It’s not easy to see precisely what Scanlon has in mind here. One possibility is that he subscribes to the view that to do something intentionally is always to do it with a certain intention. Then the reason is for the action in virtue of being for the intention with which it is done.
There may be worries with this move. Note, though, that holding that to do something intentionally involves doing it with an intention does not require the implausibly over-intellectualized view that every action requires the prior presence of an intention. To take a vivid example, I might in a sudden rage punch you with the intention of doing that, even though before I punched you I had no such intention.

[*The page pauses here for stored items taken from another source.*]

Lemma length_blocks_in L0 v l L : NoDup L -> In v L -> length (flat_map (block L0 v l) L) = S (length L).
Proof.
  induction L as [|u L IH]; intros ND Hv; [contradiction|]. inversion ND; subst.
  change (flat_map (block L0 v l) (u :: L)) with (block L0 v l u ++ flat_map (block L0 v l) L).
  simpl in Hv. rewrite length_app. destruct Hv as [<-|Hv].
  - rewrite length_blocks_out; auto. unfold block at 1. destruct excluded_middle_informative; [|congruence]. reflexivity.
  - rewrite IH; auto. unfold block at 1. destruct excluded_middle_informative; [subst; contradiction|].
    destruct excluded_middle_informative; simpl; auto.
Qed.

Lemma prec_Y L v l n n' : NoDup L ->
  prec (Yverts w L v l) n n' <->
  In n (Yverts w L v l) /\ In n' (Yverts w L v l) /\
  (prec L (fst n) (fst n') \/ (fst n = fst n' /\ snd n' < snd n)).
Proof.
  intros ND. split.
  - intros H. assert (HI := prec_In _ _ _ H). split; [tauto|split; [tauto|]].
    rewrite Yverts_blocks, prec_flat_map in H. destruct H as [(u&Hu&H)|(u&u'&H1&H2&H3)].
    + unfold block in H. destruct excluded_middle_informative.
      * rewrite prec_cons in H. destruct H as [[-> [H|[]]]|H].
        -- subst. right. unfold top_lift, bot_lift; simpl. split; auto. rewrite minus_IZR. lra.
        -- rewrite prec_cons in H. destruct H as [[_ []]|(i&j&_&Hi&_)]. destruct i; discriminate.
      * destruct excluded_middle_informative; rewrite prec_cons in H;
          (destruct H as [[_ []]|(i&j&_&Hi&_)]; destruct i; discriminate).
    + left. rewrite (block_fst _ _ _ _ _ H2), (block_fst _ _ _ _ _ H3). auto.
  - intros (H1 & H2 & H3). rewrite Yverts_blocks, prec_flat_map.
    rewrite In_Y in H1, H2. destruct H1 as (u & Hu & H1). destruct H2 as (u' & Hu' & H2).
    assert (E1 := block_fst _ _ _ _ _ H1). assert (E2 := block_fst _ _ _ _ _ H2).
    destruct H3 as [H3|[H3 H4]].
    + right. exists u, u'. subst u u'. auto.
    + left. exists u. split; auto. assert (Hu'u : u' = u) by congruence. rewrite Hu'u in H2.
      unfold block in *. destruct excluded_middle_informative.
      * simpl in H1, H2. destruct H1 as [H1|[H1|[]]]; destruct H2 as [H2|[H2|[]]]; subst;
          unfold top_lift, bot_lift in H4; simpl in H4; rewrite ?minus_IZR in H4; try lra.
        apply prec_cons. left; split; auto. simpl; auto.
      * destruct excluded_middle_informative; simpl in H1, H2;
          destruct H1 as [H1|[]]; destruct H2 as [H2|[]]; subst; lra.
Qed.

Another implication of the restriction is that the only things for which there can be reasons for and against belong to thinking creatures. For only creatures that can judge can have judgment-sensitive attitudes. This implication Scanlon thinks is wholly unproblematic.
Indeed, it is line with what Scanlon takes to be an attractive notion of what it is to be a rational being:
A rational creature is one that can have judgment-sensitive attitudes, hence the capacity to recognize, assess, and be moved by reasons.
A cat, says Scanlon, isn’t a rational creature.
This doesn’t imply we can’t ascribe beliefs and goals to cats. The implication of Scanlon’s position is rather that cat-beliefs and cat-desires aren’t judgment-sensitive attitudes.
Thus if we observe what we take to be a change of belief in a cat—say it’s meowing at box of food and then when one opens it and shows the cat that it’s empty and it slinks ways—we can’t see that as a matter of the cat’s realizing that there’s no reason for it to want to get into the box.
(This seems especially plausible in light of the difficulty of getting a cat, at least any cat I’ve ever had, to stop believing something like that. They keep at it and keep at it and eventually just seem to get bored or frustrated and leave. No light ever dawns.)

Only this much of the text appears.